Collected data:
● ● ● ●

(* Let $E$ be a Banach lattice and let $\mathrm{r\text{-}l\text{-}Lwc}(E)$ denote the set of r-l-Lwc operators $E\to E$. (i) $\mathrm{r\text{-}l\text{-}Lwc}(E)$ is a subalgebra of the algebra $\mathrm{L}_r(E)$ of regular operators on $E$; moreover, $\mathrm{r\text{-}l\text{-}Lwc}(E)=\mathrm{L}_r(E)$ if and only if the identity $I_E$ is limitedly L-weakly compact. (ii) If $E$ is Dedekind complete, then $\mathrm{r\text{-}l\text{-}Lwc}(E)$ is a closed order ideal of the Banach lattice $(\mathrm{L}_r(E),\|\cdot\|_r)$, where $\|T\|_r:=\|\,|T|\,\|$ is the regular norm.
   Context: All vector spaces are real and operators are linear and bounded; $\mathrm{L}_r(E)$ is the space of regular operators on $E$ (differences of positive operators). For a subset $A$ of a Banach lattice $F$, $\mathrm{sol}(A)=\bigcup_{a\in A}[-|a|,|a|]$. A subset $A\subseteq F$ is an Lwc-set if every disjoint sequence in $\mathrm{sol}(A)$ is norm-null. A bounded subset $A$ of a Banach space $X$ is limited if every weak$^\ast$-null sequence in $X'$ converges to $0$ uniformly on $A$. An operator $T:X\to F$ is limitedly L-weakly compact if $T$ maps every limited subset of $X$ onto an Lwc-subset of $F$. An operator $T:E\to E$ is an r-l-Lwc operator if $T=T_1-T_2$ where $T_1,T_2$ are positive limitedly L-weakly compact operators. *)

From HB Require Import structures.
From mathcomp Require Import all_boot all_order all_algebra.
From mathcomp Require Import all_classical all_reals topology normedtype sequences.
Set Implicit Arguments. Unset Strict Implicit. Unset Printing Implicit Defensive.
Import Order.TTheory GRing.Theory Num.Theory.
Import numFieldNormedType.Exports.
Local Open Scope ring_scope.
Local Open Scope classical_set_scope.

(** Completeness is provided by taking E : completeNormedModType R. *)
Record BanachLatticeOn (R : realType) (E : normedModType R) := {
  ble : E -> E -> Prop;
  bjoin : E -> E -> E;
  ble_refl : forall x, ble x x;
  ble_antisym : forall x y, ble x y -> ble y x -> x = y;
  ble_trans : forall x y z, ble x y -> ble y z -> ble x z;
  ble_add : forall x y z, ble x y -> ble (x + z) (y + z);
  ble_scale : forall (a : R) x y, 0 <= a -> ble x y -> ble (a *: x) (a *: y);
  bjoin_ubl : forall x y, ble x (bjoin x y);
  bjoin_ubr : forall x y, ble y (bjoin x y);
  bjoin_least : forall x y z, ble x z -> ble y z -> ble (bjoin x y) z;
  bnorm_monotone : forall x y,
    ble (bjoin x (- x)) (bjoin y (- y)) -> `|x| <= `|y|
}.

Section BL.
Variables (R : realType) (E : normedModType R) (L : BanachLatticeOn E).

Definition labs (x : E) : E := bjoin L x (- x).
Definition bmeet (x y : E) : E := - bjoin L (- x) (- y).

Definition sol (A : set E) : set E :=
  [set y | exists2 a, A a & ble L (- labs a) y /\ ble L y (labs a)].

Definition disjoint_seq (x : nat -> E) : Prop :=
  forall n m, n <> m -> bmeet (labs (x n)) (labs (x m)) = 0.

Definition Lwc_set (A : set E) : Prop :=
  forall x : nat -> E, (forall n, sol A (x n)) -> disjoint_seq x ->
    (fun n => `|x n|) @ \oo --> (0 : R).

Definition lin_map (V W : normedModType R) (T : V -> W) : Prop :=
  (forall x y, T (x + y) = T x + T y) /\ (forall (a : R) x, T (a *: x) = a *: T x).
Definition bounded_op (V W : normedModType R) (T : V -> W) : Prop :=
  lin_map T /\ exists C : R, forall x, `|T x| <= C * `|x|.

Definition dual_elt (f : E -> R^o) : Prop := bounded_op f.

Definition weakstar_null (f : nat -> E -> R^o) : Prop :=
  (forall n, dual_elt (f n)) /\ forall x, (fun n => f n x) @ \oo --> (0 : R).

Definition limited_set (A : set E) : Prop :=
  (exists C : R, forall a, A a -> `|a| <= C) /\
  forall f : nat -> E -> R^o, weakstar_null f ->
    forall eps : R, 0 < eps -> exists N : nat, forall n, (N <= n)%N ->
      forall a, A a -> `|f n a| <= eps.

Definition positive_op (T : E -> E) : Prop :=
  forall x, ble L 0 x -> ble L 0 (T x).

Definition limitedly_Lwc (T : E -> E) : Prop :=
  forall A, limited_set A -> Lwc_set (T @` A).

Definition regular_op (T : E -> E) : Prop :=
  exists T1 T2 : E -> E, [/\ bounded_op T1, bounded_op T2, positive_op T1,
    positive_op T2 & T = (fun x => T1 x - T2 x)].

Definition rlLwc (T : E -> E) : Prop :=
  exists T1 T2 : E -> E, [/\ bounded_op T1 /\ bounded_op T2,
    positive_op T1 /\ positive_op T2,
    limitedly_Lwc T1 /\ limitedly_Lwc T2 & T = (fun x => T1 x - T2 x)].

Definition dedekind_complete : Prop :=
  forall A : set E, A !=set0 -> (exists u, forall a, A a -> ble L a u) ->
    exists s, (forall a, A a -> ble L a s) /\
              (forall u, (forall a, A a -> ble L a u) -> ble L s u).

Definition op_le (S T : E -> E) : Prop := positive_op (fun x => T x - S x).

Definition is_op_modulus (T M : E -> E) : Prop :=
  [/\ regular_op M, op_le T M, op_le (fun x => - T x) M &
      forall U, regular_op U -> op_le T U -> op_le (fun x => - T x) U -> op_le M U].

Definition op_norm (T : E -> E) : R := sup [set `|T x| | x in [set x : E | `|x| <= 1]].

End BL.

● ● ● ●

Reproduce, character for character, only the lines of the preceding data that start at the line with "From mathcomp Require Import all_boot" and end at the line with "Definition Lwc_set (A", both included.

From mathcomp Require Import all_boot all_order all_algebra.
From mathcomp Require Import all_classical all_reals topology normedtype sequences.
Set Implicit Arguments. Unset Strict Implicit. Unset Printing Implicit Defensive.
Import Order.TTheory GRing.Theory Num.Theory.
Import numFieldNormedType.Exports.
Local Open Scope ring_scope.
Local Open Scope classical_set_scope.

(** Completeness is provided by taking E : completeNormedModType R. *)
Record BanachLatticeOn (R : realType) (E : normedModType R) := {
  ble : E -> E -> Prop;
  bjoin : E -> E -> E;
  ble_refl : forall x, ble x x;
  ble_antisym : forall x y, ble x y -> ble y x -> x = y;
  ble_trans : forall x y z, ble x y -> ble y z -> ble x z;
  ble_add : forall x y z, ble x y -> ble (x + z) (y + z);
  ble_scale : forall (a : R) x y, 0 <= a -> ble x y -> ble (a *: x) (a *: y);
  bjoin_ubl : forall x y, ble x (bjoin x y);
  bjoin_ubr : forall x y, ble y (bjoin x y);
  bjoin_least : forall x y z, ble x z -> ble y z -> ble (bjoin x y) z;
  bnorm_monotone : forall x y,
    ble (bjoin x (- x)) (bjoin y (- y)) -> `|x| <= `|y|
}.

Section BL.
Variables (R : realType) (E : normedModType R) (L : BanachLatticeOn E).

Definition labs (x : E) : E := bjoin L x (- x).
Definition bmeet (x y : E) : E := - bjoin L (- x) (- y).

Definition sol (A : set E) : set E :=
  [set y | exists2 a, A a & ble L (- labs a) y /\ ble L y (labs a)].

Definition disjoint_seq (x : nat -> E) : Prop :=
  forall n m, n <> m -> bmeet (labs (x n)) (labs (x m)) = 0.

Definition Lwc_set (A : set E) : Prop :=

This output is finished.